Rodriguez, an activist, community organizer, and beloved son died on Aug. 4, 2020 in Mindoro, Philippines, from severe food poisoning.
Born on May 9, 1998, Amado was “stubborn from the start,” coming into this world after 30 hours of labor. “That was a very challenging experience,” says Robyn Magalit Rodriguez, PhD, Amado’s mother who is an immigrant rights and antiracism activist as well as an author and professor and department chair of the Asian American Studies at the University of California, Davis. “They actually needed to give me Pitocin, but it was all natural, no epidural. After that, it was like a couple of pushes later then he was out.”
Robyn Rodriguez is also the founder of the Bulosan Center for Filipino Studies that is noted to be the first Filipino studies center in the United States.
Amado was an epitome of multi-ethnicity, cross-culturalism, and diversity. His mother was born in the San Francisco Bay area to immigrant parents with roots in Aklan, Capiz, Ilocos Norte, and Pangasinan in the Philippines, while his father, David Edward Canham, is a South African immigrant with roots in the Transkei of the Eastern Cape and descended from the Mpondo Xhosa people.

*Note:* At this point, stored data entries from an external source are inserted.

(* Let $K$ be a positive definite kernel on $\Omega\subset\mathbb{R}^d$, let $\lambda>0$, let $x_1,\dots,x_n\in\Omega$ be pairwise distinct, $X_k:=\{x_1,\dots,x_k\}$ for $0\le k\le n$, and let $f\in\mathcal{H}_\lambda$. With the functions $v_k^\lambda,v_k$ ($1\le k\le n$) defined in the context, it holds $$s_n^\lambda(f)=\sum_{k=1}^n (f,v_k^\lambda)_{\mathcal{H}_\lambda}\,v_k=s_{n-1}^\lambda(f)+(f,v_n^\lambda)_{\mathcal{H}_\lambda}\,v_n .$$ Moreover, if $f\in\mathcal{H}$, then $(f,v_k)_{\mathcal{H}}=(f,v_k^\lambda)_{\mathcal{H}_\lambda}$ for $1\le k\le n$, and therefore $$s_n^\lambda(f)=\sum_{k=1}^n (f,v_k)_{\mathcal{H}}\,v_k=s_{n-1}^\lambda(f)+(f,v_n)_{\mathcal{H}}\,v_n .$$
   Context: A kernel $K:\Omega\times\Omega\to\mathbb{R}$ is positive definite if it is symmetric and all kernel matrices $(K(x_i,x_j))_{i,j}$ on pairwise distinct points are positive semidefinite (strictly positive definite: positive definite). $\mathcal{H}=\mathcal{H}_K(\Omega)$ is the native space (reproducing kernel Hilbert space) of $K$. Let $\delta(x,y)=1$ if $x=y$ and $0$ otherwise, $K_\lambda(x,y):=K(x,y)+\lambda\delta(x,y)$ (a strictly positive definite kernel for $\lambda>0$), and $\mathcal{H}_\lambda$ its native space. For pairwise distinct points $Y=\{y_1,\dots,y_m\}\subset\Omega$ with kernel matrix $A=(K(y_i,y_j))_{i,j}$ and a function $f:\Omega\to\mathbb{R}$, the regularized interpolant is $s^\lambda(f,Y):=\sum_{j=1}^m\alpha_jK(\cdot,y_j)$ with $(A+\lambda I)\alpha=(f(y_1),\dots,f(y_m))^T$; write $s_k^\lambda(f):=s^\lambda(f,X_k)$, with $s_0^\lambda(f):=0$. Let $A_n=(K(x_i,x_j))_{i,j=1}^n$, let $A_n+\lambda I=LL^T$ be the Cholesky factorization ($L$ lower triangular with positive diagonal), and $(\beta_{jk})_{j,k=1}^n:=L^{-T}$. Define $v_k^\lambda:=\sum_{j=1}^n\beta_{jk}K_\lambda(\cdot,x_j)$ (the Newton basis of $X_n$ in $\mathcal{H}_\lambda$) and $v_k:=\sum_{j=1}^n\beta_{jk}K(\cdot,x_j)$. *)

From HB Require Import structures.
From mathcomp Require Import all_boot all_order all_algebra.
From mathcomp Require Import boolp classical_sets reals.
Set Implicit Arguments. Unset Strict Implicit. Unset Printing Implicit Defensive.
Import Order.TTheory GRing.Theory Num.Theory.
Local Open Scope ring_scope.

Section Defs.
Variable R : realType.

Definition Dom (d : nat) (Om : set 'rV[R]_d) := {x : 'rV[R]_d | Om x}.

Variable T : Type.

Definition kmat (K : T -> T -> R) (m : nat) (y : 'I_m -> T) : 'M[R]_m :=
  \matrix_(i < m, j < m) K (y i) (y j).

Definition psd_mx (m : nat) (A : 'M[R]_m) : Prop :=
  forall c : 'cV[R]_m, 0 <= (c^T *m A *m c) 0 0.

Definition pd_kernel (K : T -> T -> R) : Prop :=
  (forall x y, K x y = K y x) /\
  (forall (m : nat) (y : 'I_m -> T), injective y -> psd_mx (kmat K y)).

Definition delta (x y : T) : R := if asbool (x = y) then 1 else 0.
Definition Klam (K : T -> T -> R) (lam : R) : T -> T -> R :=
  fun x y => K x y + lam * delta x y.

(* Such a space is unique (= H_K). *)
Record native_space (K : T -> T -> R) (H : set (T -> R))
    (ip : (T -> R) -> (T -> R) -> R) : Prop := {
  ns_0 : H (fun _ => 0);
  ns_add : forall f g, H f -> H g -> H (fun z => f z + g z);
  ns_scale : forall (a : R) f, H f -> H (fun z => a * f z);
  ns_sym : forall f g, H f -> H g -> ip f g = ip g f;
  ns_linl : forall (a b : R) f g h, H f -> H g -> H h ->
     ip (fun z => a * f z + b * g z) h = a * ip f h + b * ip g h;
  ns_pos : forall f, H f -> 0 <= ip f f;
  ns_def : forall f, H f -> ip f f = 0 -> f = (fun _ => 0);
  ns_complete : forall u : nat -> (T -> R), (forall k, H (u k)) ->
     (forall e : R, 0 < e -> exists N, forall p q, (N <= p)%N -> (N <= q)%N ->
        ip (fun z => u p z - u q z) (fun z => u p z - u q z) < e) ->
     exists2 g, H g & (forall e : R, 0 < e -> exists N, forall p, (N <= p)%N ->
        ip (fun z => u p z - g z) (fun z => u p z - g z) < e);
  ns_kernel : forall x, H (fun z => K z x);
  ns_repr : forall f x, H f -> ip f (fun z => K z x) = f x
}.

Definition reg_interp (K : T -> T -> R) (lam : R) (f : T -> R)
    (m : nat) (y : 'I_m -> T) : T -> R :=
  let alpha := invmx (kmat K y + lam%:M) *m (\col_(i < m) f (y i)) in
  fun z => \sum_(j < m) alpha j ord0 * K z (y j).

(* s_k^lam(f) = s^lam(f, X_k) with X_k = {x_0, ..., x_(k-1)} (0-based);
   s_0^lam(f) = 0 (empty sum). *)
Definition s_k (K : T -> T -> R) (lam : R) (f : T -> R) (x : nat -> T)
    (k : nat) : T -> R :=
  reg_interp K lam f (fun i : 'I_k => x (nat_of_ord i)).

(* Newton-type functions built from beta = L^{-T}:
   sum_j beta_jk G(., x_j) with G = K (v_k) or G = K_lam (v_k^lam) *)
Definition newton_fun (G : T -> T -> R) (N : nat) (x : nat -> T)
    (beta : 'M[R]_N) (k : 'I_N) : T -> R :=
  fun z => \sum_(j < N) beta j k * G z (x (nat_of_ord j)).

End Defs.

From HB Require Import structures.
From mathcomp Require Import all_boot all_order all_algebra.
From mathcomp Require Import boolp classical_sets reals.
Import Order.TTheory GRing.Theory Num.Theory.
Local Open Scope ring_scope.

(* With c := L^-1 f|X, the interpolation coefficients are
   (A + lam I)^-1 f|X = L^-T c, so s^lam(f, X) = sum_k c_k v_k; by the
   reproducing property of K_lam (resp. K), c_k is the inner product of f with
   v^lam_k (resp. v_k).  As L is lower triangular, its leading (n-1)x(n-1)
   block is the Cholesky factor for X_(n-1), the inverse of that block is the
   leading block of L^-1, and the last column of L^-1 vanishes off the
   diagonal; so s^lam(f, X_(n-1)) is the same expansion without its last term. *)

Section NativeSpace.
Context {R : realType} {T : Type} {G : T -> T -> R}.
Context {H : set (T -> R)} {ip : (T -> R) -> (T -> R) -> R}.
Hypothesis hH : native_space G H ip.

Lemma native_ip_linr (a b : R) f g h : H f -> H g -> H h ->
  ip h (fun z => a * f z + b * g z) = a * ip h f + b * ip h g.
Proof.
move=> Hf Hg Hh; rewrite (ns_sym hH) ?(ns_linl hH) ?(ns_sym hH Hh) //.
by apply: (ns_add hH); apply: (ns_scale hH).
Qed.

Lemma native_sum_mem (I : Type) (r : seq I) (a : I -> R) (g : I -> T -> R) :
  (forall i, H (g i)) -> H (fun z => \sum_(i <- r) a i * g i z).
Proof.
move=> Hg; elim: r => [|i r IHr].
  by under eq_fun do rewrite big_nil; exact: (ns_0 hH).
under eq_fun do rewrite big_cons.
exact: (ns_add hH (ns_scale hH _ (Hg i)) IHr).
Qed.

Lemma native_ip_sumr (I : Type) (r : seq I) (a : I -> R) (g : I -> T -> R) f :
  H f -> (forall i, H (g i)) ->
  ip f (fun z => \sum_(i <- r) a i * g i z) = \sum_(i <- r) a i * ip f (g i).
Proof.
move=> Hf Hg; elim: r => [|i r IHr].
  have -> : (fun z => \sum_(i <- [::]) a i * g i z) = fun z => 0 * f z + 0 * f z.
    by apply: funext => z; rewrite big_nil !mul0r addr0.
  by rewrite native_ip_linr // big_nil !mul0r addr0.
rewrite big_cons -IHr -[X in _ = _ + X]mul1r -native_ip_linr //;
  last exact: native_sum_mem.
by congr ip; apply: funext => z; rewrite big_cons mul1r.
Qed.

Lemma native_ip_kernel_sum (I : Type) (r : seq I) (b : I -> R) (y : I -> T) f :
  H f -> ip f (fun z => \sum_(i <- r) b i * G z (y i)) = \sum_(i <- r) b i * f (y i).
Proof.
move=> Hf; rewrite (@native_ip_sumr _ r b (fun i z => G z (y i))) //; last first.
  by move=> i; exact: (ns_kernel hH).
by apply: eq_bigr => i _; rewrite (ns_repr hH).
Qed.

Lemma ip_newton_fun {N} {x : nat -> T} {beta : 'M[R]_N} {k : 'I_N} {f} : H f ->
  ip f (newton_fun G x beta k) = (beta^T *m \col_(i < N) f (x i)) k 0.
Proof.
move=> Hf; rewrite /newton_fun native_ip_kernel_sum // mxE.
by apply: eq_bigr => j _; rewrite !mxE.
Qed.

End NativeSpace.

Lemma trig_unitmx {R : fieldType} {n} {A : 'M[R]_n} :
  is_trig_mx A -> (forall i, A i i != 0) -> A \in unitmx.
Proof.
move=> Atrig Adiag; rewrite unitmxE det_trig // unitfE.
by apply/prodf_neq0 => i _; exact: Adiag.
Qed.

Lemma invmxM {R : comUnitRingType} {n} (A B : 'M[R]_n) :
  A \in unitmx -> B \in unitmx -> invmx (A *m B) = invmx B *m invmx A.
Proof.
move=> Au Bu; have ABu : A *m B \in unitmx by rewrite unitmx_mul Au Bu.
have AB1 : A *m B *m (invmx B *m invmx A) = 1%:M by rewrite mulmxA mulmxK // mulmxV.
by rewrite -[RHS](mulKmx ABu) AB1 mulmx1.
Qed.

Section LeadingBlock.
Context {R : fieldType} {m : nat}.
Local Notation w := (widen_ord (leqnSn m)).
Local Notation lead A := (mxsub w w A).

Lemma mulmx_col_max0 p q (A : 'M[R]_(p, m.+1)) (B : 'M_(m.+1, q)) :
  (forall i, A i ord_max = 0) -> A *m B = colsub w A *m rowsub w B.
Proof.
move=> A0; apply/matrixP => i j; rewrite !mxE big_ord_recr /= A0 mul0r addr0.
by apply: eq_bigr => k _; rewrite !mxE.
Qed.

Lemma rowsub_mul_col_max0 q (A : 'M[R]_m.+1) (B : 'M_(m.+1, q)) :
  (forall i : 'I_m, A (w i) ord_max = 0) -> rowsub w (A *m B) = lead A *m rowsub w B.
Proof.
move=> A0; rewrite -mul_rowsub_mx (@mulmx_col_max0 _ _ (rowsub w A)) -?mxsubcr //.
by move=> i; rewrite mxE.
Qed.

Lemma lead_mul_col_max0 (A B : 'M[R]_m.+1) :
  (forall i : 'I_m, A (w i) ord_max = 0) -> lead (A *m B) = lead A *m lead B.
Proof.
by move=> A0; rewrite mxsubcr rowsub_mul_col_max0 // -mulmx_colsub -mxsubcr.
Qed.

Lemma lead_scalar (a : R) : lead (a%:M : 'M_m.+1) = a%:M.
Proof. by apply/matrixP => i j; rewrite !mxE. Qed.

Context {L : 'M[R]_m.+1}.
Hypotheses (Ltrig : is_trig_mx L) (Ldiag : forall i, L i i != 0).

Lemma trig_col_max0 (i : 'I_m) : L (w i) ord_max = 0.
Proof. by move/is_trig_mxP: Ltrig; apply; rewrite /= ltn_ord. Qed.

Lemma invmx_trig_col_max0 (i : 'I_m) : invmx L (w i) ord_max = 0.
Proof.
have /matrixP/(_ (w i) ord_max) := mulVmx (trig_unitmx Ltrig Ldiag).
rewrite /= !mxE big_ord_recr /= big1 => [|k _]; last by rewrite trig_col_max0 mulr0.
rewrite add0r -val_eqE /= ltn_eqF // => /eqP.
by rewrite mulf_eq0 (negbTE (Ldiag _)) orbF => /eqP.
Qed.

Lemma lead_mul_invmx : lead L *m lead (invmx L) = 1%:M.
Proof.
rewrite -lead_mul_col_max0 ?mulmxV ?lead_scalar //; last exact: trig_col_max0.
exact: trig_unitmx.
Qed.

Lemma lead_unitmx : lead L \in unitmx.
Proof. by have [] := mulmx1_unit lead_mul_invmx. Qed.

Lemma invmx_lead : invmx (lead L) = lead (invmx L).
Proof. by rewrite -[RHS](mulKmx lead_unitmx) lead_mul_invmx mulmx1. Qed.

End LeadingBlock.

Section Interpolation.
Context {R : realType} {T : Type} {K : T -> T -> R} {lam : R}.
Context {f : T -> R} {x : nat -> T}.

Lemma newton_fun_comb N (beta : 'M[R]_N) (c : 'cV_N) :
  (fun z => \sum_k c k 0 * newton_fun K x beta k z) =
  (fun z => \sum_j (beta *m c) j 0 * K z (x j)).
Proof.
apply: funext => z; rewrite /newton_fun; under eq_bigr do rewrite mulr_sumr.
rewrite exchange_big; apply: eq_bigr => j _; rewrite mxE mulr_suml.
by apply: eq_bigr => k _; rewrite mulrA [c k 0 * _]mulrC.
Qed.

Lemma s_k_cholesky {N} {L : 'M[R]_N} : L \in unitmx ->
  kmat K (fun i : 'I_N => x i) + lam%:M = L *m L^T ->
  s_k K lam f x N =
  (fun z => \sum_k ((invmx L^T)^T *m \col_(i < N) f (x i)) k 0 *
              newton_fun K x (invmx L^T) k z).
Proof.
move=> Lu chol; rewrite newton_fun_comb /s_k /reg_interp chol.
by rewrite invmxM ?unitmx_tr // trmx_inv trmxK mulmxA.
Qed.

Lemma s_k_cholesky_lead {n} {L : 'M[R]_n.+1} :
  is_trig_mx L -> (forall i, L i i != 0) ->
  kmat K (fun i : 'I_n.+1 => x i) + lam%:M = L *m L^T ->
  s_k K lam f x n =
  (fun z => \sum_(k < n)
     ((invmx L^T)^T *m \col_(i < n.+1) f (x i)) (widen_ord (leqnSn n) k) 0 *
     newton_fun K x (invmx L^T) (widen_ord (leqnSn n) k) z).
Proof.
move=> Ltrig Ldiag chol; set w := widen_ord (leqnSn n).
have lead_chol : kmat K (fun i : 'I_n => x i) + lam%:M =
                 mxsub w w L *m (mxsub w w L)^T.
  rewrite trmx_mxsub -lead_mul_col_max0; last exact: trig_col_max0.
  by rewrite -chol; apply/matrixP => i j; rewrite !mxE.
rewrite (s_k_cholesky (lead_unitmx Ltrig Ldiag) lead_chol).
apply: funext => z; apply: eq_bigr => k _; congr (_ * _).
  have -> : \col_(i < n) f (x i) = rowsub w (\col_(i < n.+1) f (x i)).
    by apply/matrixP => i j; rewrite !mxE.
  rewrite !trmx_inv !trmxK invmx_lead // -rowsub_mul_col_max0 ?mxE //.
  exact: invmx_trig_col_max0.
rewrite /newton_fun big_ord_recr /= -!trmx_inv [(invmx L)^T _ _]mxE.
rewrite invmx_trig_col_max0 // mul0r addr0 invmx_lead //.
by apply: eq_bigr => j _; rewrite !mxE.
Qed.

End Interpolation.

(* The number of points is n.+1 (>= 1), points x_0, ..., x_n (0-based). *)
Theorem proposition2p2 (R : realType) (d : nat) (Om : set 'rV[R]_d)
    (K : Dom Om -> Dom Om -> R) (hK : pd_kernel K)
    (lam : R) (hlam : 0 < lam)
    (n : nat) (x : nat -> Dom Om)
    (hx : forall i j : nat, (i < n.+1)%N -> (j < n.+1)%N -> x i = x j -> i = j)
    (H : set (Dom Om -> R)) (ip : (Dom Om -> R) -> (Dom Om -> R) -> R)
    (hH : native_space K H ip)
    (Hl : set (Dom Om -> R)) (ipl : (Dom Om -> R) -> (Dom Om -> R) -> R)
    (hHl : native_space (Klam K lam) Hl ipl)
    (L : 'M[R]_n.+1)
    (hLlow : forall i j : 'I_n.+1, (i < j)%N -> L i j = 0)
    (hLdiag : forall i : 'I_n.+1, 0 < L i i)
    (hLchol : kmat K (fun i : 'I_n.+1 => x (nat_of_ord i)) + lam%:M = L *m L^T)
    (f : Dom Om -> R) (hf : Hl f) :
  let beta := invmx (L^T) in
  let v := newton_fun K x beta in
  let vl := newton_fun (Klam K lam) x beta in
  (s_k K lam f x n.+1 = (fun z => \sum_(k < n.+1) ipl f (vl k) * v k z) /\
   s_k K lam f x n.+1 =
     (fun z => s_k K lam f x n z + ipl f (vl ord_max) * v ord_max z)) /\
  (H f ->
   (forall k : 'I_n.+1, ip f (v k) = ipl f (vl k)) /\
   s_k K lam f x n.+1 = (fun z => \sum_(k < n.+1) ip f (v k) * v k z) /\
   s_k K lam f x n.+1 =
     (fun z => s_k K lam f x n z + ip f (v ord_max) * v ord_max z)).
Proof.
move=> beta v vl.
have Ltrig : is_trig_mx L by apply/is_trig_mxP.
have Ldiag i : L i i != 0 by rewrite lt0r_neq0.
set c := beta^T *m \col_(i < n.+1) f (x i).
have ipl_vl k : ipl f (vl k) = c k 0 by rewrite /vl (ip_newton_fun hHl hf).
have s_full : s_k K lam f x n.+1 = (fun z => \sum_k c k 0 * v k z).
  exact: s_k_cholesky (trig_unitmx Ltrig Ldiag) hLchol.
have s_rec : s_k K lam f x n.+1 =
             (fun z => s_k K lam f x n z + c ord_max 0 * v ord_max z).
  by rewrite s_full (s_k_cholesky_lead Ltrig Ldiag hLchol); apply: funext => z;
     rewrite big_ord_recr.
split.
  split; last by rewrite s_rec ipl_vl.
  by rewrite s_full; apply: funext => z; apply: eq_bigr => k _; rewrite ipl_vl.
move=> Hf; have ip_v k : ip f (v k) = ipl f (vl k).
  by rewrite ipl_vl /v (ip_newton_fun hH Hf).
split=> //; split; last by rewrite s_rec ip_v ipl_vl.
by rewrite s_full; apply: funext => z; apply: eq_bigr => k _; rewrite ip_v ipl_vl.
Qed.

For years, Amado was called “honey boy” by his parents because of his “gorgeous brown skin tone and his ultimately sweet and loving personality” that was complimented with an “angelic face” with “beautifully shaped eyes and endless eyelashes.” “People would often remark at how angelic his face was and how he looked so much like a Santo Niño—rosy cheeks and these big, big eyes, very long eyelashes, and a happy, joyful disposition,” says Rodriguez. “That description of him as a baby also reflects his character. He had this conviction but also a very sweet and loving disposition that he had for the rest of his life.”
Social justice and activism had been a part of Amado’s childhood and upbringing with both of his parents being activists and organizers. After immigrating to the United States, his father worked primarily as a labor organizer. But it was a path that was not necessarily expected of Amado to take. “Of course, that’s no guarantee, but, certainly, he was in a context where questions of justice were so much a part of and integrated into our lives.”
Amado had various interests growing up, from drawing to martial arts to athletics. Any of which could have pursued having had ample skills for each. Yet it was his relationships with people that gave a clue to his initial leanings towards social justice. “The best indications were just in the nature of his friendships with people. Those were the seeds where you can identify some kind of quality, an orientation towards others, that could lead on this pathway.”
Born and raised in Oakland with a stint in New Jersey before moving back to Oakland at 13, Amado’s worldview was shaped by the stark inequalities he saw and experienced in life. He felt marginalized as a biracial Black student from Oakland attending California High School in San Ramon with a largely White and affluent student population. It was his connections with the few Black teachers at the school that provided motivation and fueled his passion in reactivating the Black Student Union with the birth of the Black Lives Matter movement after the killing of Trayvon Martin in 2012. He continued to be involved in Black Lives Matter after graduating from high school.
Amado was always drawn to people in the margins. A diagnosis of moderately severe hearing loss with a dependence on hearing aids for the rest of his life furthered his awareness of being different and fostered his sense of identity.
“Even in preschool and kindergarten, he just tended to gravitate and wanted to be friends with people who were around the margins. Those might have been the beginnings of his consciousness,” says Rodriguez. “And when he, himself, had to depend on hearing aids and was very aware of being different, maybe that helped propel a kind of desire to do social justice work. That became much more clear, this feeling of outsider-ness.”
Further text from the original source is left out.